• Task details:
Could you reproduce, from the records below, everything from the line with "move=> Aa a0 nRa; apply: contrapT => nMa." down to the line with "case/mapP => d;", keeping both of those lines and changing nothing?
*****
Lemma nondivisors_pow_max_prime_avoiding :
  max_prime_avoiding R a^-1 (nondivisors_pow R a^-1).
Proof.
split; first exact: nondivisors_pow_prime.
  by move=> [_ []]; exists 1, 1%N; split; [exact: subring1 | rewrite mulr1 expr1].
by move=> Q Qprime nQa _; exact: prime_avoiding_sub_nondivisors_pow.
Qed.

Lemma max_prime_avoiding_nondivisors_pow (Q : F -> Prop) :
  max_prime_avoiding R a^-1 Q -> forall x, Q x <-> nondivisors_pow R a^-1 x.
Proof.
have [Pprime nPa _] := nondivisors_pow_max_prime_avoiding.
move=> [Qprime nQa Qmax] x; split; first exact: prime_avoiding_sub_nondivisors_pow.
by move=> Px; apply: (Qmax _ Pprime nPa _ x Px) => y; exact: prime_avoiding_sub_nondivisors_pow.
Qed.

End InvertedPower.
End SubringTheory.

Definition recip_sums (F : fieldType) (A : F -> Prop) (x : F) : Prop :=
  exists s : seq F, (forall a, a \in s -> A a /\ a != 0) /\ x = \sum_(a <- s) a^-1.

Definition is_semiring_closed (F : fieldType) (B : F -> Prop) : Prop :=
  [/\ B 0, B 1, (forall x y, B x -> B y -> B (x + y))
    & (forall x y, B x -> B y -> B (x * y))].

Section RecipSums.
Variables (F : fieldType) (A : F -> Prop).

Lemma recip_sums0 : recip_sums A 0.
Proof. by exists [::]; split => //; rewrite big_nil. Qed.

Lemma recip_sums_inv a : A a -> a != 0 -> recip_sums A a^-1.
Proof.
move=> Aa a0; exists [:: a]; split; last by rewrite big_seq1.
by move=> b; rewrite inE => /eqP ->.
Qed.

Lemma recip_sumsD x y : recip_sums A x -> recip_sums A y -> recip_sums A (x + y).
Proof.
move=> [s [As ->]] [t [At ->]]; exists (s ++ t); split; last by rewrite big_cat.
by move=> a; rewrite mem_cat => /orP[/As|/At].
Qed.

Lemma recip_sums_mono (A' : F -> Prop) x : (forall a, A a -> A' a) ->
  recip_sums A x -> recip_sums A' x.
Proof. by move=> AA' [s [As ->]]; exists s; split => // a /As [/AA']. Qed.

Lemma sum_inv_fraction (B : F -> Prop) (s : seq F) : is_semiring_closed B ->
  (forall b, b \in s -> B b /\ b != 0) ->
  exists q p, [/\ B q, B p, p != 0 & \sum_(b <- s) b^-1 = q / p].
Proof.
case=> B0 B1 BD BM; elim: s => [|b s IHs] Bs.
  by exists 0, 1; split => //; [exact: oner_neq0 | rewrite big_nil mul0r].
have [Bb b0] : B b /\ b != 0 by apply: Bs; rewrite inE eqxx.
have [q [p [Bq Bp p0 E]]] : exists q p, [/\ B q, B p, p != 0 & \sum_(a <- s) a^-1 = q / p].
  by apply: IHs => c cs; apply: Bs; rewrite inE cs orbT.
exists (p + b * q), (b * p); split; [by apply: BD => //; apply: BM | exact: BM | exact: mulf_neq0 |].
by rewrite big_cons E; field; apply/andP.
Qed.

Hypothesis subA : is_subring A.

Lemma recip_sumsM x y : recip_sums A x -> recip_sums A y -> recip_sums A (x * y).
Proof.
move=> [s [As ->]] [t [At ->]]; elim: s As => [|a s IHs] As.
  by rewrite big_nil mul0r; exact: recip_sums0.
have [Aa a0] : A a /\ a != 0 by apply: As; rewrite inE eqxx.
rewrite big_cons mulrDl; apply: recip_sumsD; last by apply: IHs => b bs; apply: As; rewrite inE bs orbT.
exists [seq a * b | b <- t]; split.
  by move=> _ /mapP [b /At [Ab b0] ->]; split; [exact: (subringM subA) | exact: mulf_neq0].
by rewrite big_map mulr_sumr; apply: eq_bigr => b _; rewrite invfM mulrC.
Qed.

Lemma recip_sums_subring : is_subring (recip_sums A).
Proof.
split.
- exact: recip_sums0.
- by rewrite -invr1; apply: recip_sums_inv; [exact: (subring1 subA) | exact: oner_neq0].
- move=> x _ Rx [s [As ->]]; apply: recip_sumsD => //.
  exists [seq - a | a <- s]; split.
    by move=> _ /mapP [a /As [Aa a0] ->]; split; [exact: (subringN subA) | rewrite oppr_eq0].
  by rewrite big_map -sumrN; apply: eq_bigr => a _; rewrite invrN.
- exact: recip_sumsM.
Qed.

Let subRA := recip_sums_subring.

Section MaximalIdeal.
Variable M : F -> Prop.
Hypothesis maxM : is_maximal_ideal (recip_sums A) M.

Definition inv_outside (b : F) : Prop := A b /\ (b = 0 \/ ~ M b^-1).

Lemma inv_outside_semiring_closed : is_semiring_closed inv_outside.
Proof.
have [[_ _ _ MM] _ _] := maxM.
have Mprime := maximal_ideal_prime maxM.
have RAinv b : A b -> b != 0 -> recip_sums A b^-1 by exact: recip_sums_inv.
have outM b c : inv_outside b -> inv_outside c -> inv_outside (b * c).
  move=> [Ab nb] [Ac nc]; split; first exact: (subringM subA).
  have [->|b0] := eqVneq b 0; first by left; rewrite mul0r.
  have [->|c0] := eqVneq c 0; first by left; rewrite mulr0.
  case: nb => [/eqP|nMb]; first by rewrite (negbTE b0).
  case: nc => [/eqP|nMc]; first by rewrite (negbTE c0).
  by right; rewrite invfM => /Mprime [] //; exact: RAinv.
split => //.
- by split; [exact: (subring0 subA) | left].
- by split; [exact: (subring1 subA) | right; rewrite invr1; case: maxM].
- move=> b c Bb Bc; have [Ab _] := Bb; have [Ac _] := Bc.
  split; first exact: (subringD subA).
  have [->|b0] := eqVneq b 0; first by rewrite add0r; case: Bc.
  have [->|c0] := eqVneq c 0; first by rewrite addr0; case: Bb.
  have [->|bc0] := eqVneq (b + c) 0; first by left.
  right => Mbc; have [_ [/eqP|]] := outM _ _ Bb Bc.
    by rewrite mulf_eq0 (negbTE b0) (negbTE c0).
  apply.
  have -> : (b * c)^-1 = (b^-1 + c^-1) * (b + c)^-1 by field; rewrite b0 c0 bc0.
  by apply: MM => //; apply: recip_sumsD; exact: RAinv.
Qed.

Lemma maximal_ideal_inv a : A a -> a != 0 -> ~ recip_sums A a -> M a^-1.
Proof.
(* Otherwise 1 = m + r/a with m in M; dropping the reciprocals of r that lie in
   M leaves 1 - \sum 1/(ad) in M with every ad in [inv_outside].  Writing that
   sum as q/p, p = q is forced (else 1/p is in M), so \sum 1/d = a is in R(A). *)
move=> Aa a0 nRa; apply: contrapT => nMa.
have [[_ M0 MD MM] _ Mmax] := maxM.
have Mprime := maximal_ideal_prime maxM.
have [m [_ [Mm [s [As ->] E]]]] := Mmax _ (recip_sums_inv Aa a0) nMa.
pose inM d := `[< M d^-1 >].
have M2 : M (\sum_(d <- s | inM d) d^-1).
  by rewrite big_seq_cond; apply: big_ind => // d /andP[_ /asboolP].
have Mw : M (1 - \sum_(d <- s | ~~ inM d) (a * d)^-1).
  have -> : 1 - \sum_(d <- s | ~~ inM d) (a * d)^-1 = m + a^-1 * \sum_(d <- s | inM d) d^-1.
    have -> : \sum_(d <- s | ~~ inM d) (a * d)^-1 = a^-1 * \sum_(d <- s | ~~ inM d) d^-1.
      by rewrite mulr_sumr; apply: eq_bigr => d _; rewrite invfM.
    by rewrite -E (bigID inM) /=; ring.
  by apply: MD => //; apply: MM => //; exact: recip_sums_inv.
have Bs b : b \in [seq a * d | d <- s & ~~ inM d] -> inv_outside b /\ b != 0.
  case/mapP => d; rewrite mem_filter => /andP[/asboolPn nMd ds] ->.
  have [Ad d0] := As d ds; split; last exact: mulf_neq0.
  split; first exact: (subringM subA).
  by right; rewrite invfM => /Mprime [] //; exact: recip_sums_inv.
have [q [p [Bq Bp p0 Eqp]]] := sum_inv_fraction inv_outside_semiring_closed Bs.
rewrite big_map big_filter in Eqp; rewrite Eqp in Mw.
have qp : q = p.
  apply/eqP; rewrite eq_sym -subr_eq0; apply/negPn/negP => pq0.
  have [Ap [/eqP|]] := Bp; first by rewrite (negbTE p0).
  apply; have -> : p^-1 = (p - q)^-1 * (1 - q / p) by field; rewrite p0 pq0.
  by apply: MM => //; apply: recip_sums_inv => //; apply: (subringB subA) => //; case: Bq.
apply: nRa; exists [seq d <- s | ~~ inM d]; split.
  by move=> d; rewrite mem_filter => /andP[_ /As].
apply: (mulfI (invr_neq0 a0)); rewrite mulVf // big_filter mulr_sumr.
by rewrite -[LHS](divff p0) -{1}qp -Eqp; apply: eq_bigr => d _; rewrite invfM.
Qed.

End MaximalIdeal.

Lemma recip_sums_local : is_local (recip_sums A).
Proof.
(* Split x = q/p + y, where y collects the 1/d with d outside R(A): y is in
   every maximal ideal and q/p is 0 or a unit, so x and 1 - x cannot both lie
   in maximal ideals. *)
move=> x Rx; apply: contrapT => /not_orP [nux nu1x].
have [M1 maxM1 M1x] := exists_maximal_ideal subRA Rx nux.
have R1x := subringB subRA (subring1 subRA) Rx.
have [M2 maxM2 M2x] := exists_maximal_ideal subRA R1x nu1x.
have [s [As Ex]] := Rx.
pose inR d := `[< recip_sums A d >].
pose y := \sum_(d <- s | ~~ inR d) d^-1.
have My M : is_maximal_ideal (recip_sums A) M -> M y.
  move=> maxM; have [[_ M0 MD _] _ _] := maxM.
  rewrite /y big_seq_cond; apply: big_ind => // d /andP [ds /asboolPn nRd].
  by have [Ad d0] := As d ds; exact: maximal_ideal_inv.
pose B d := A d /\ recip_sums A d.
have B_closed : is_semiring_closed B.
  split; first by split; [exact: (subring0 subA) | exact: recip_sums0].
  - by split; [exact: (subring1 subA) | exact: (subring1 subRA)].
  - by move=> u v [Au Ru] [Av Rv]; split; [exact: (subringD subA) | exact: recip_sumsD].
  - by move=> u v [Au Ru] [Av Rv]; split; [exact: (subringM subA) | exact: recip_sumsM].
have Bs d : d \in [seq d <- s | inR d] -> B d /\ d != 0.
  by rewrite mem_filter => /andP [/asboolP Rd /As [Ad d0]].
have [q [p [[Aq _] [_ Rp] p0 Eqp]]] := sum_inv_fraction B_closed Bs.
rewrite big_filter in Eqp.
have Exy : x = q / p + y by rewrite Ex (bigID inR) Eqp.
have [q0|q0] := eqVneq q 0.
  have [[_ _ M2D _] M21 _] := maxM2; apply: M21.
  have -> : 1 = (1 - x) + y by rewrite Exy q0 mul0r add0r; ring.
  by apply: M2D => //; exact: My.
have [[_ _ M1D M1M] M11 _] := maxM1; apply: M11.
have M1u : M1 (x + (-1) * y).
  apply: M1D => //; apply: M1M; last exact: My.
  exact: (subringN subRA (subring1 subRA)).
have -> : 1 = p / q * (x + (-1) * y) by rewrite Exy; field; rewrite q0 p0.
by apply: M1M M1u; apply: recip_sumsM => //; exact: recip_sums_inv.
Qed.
*****
• Task result:
move=> Aa a0 nRa; apply: contrapT => nMa.
have [[_ M0 MD MM] _ Mmax] := maxM.
have Mprime := maximal_ideal_prime maxM.
have [m [_ [Mm [s [As ->] E]]]] := Mmax _ (recip_sums_inv Aa a0) nMa.
pose inM d := `[< M d^-1 >].
have M2 : M (\sum_(d <- s | inM d) d^-1).
  by rewrite big_seq_cond; apply: big_ind => // d /andP[_ /asboolP].
have Mw : M (1 - \sum_(d <- s | ~~ inM d) (a * d)^-1).
  have -> : 1 - \sum_(d <- s | ~~ inM d) (a * d)^-1 = m + a^-1 * \sum_(d <- s | inM d) d^-1.
    have -> : \sum_(d <- s | ~~ inM d) (a * d)^-1 = a^-1 * \sum_(d <- s | ~~ inM d) d^-1.
      by rewrite mulr_sumr; apply: eq_bigr => d _; rewrite invfM.
    by rewrite -E (bigID inM) /=; ring.
  by apply: MD => //; apply: MM => //; exact: recip_sums_inv.
have Bs b : b \in [seq a * d | d <- s & ~~ inM d] -> inv_outside b /\ b != 0.
  case/mapP => d; rewrite mem_filter => /andP[/asboolPn nMd ds] ->.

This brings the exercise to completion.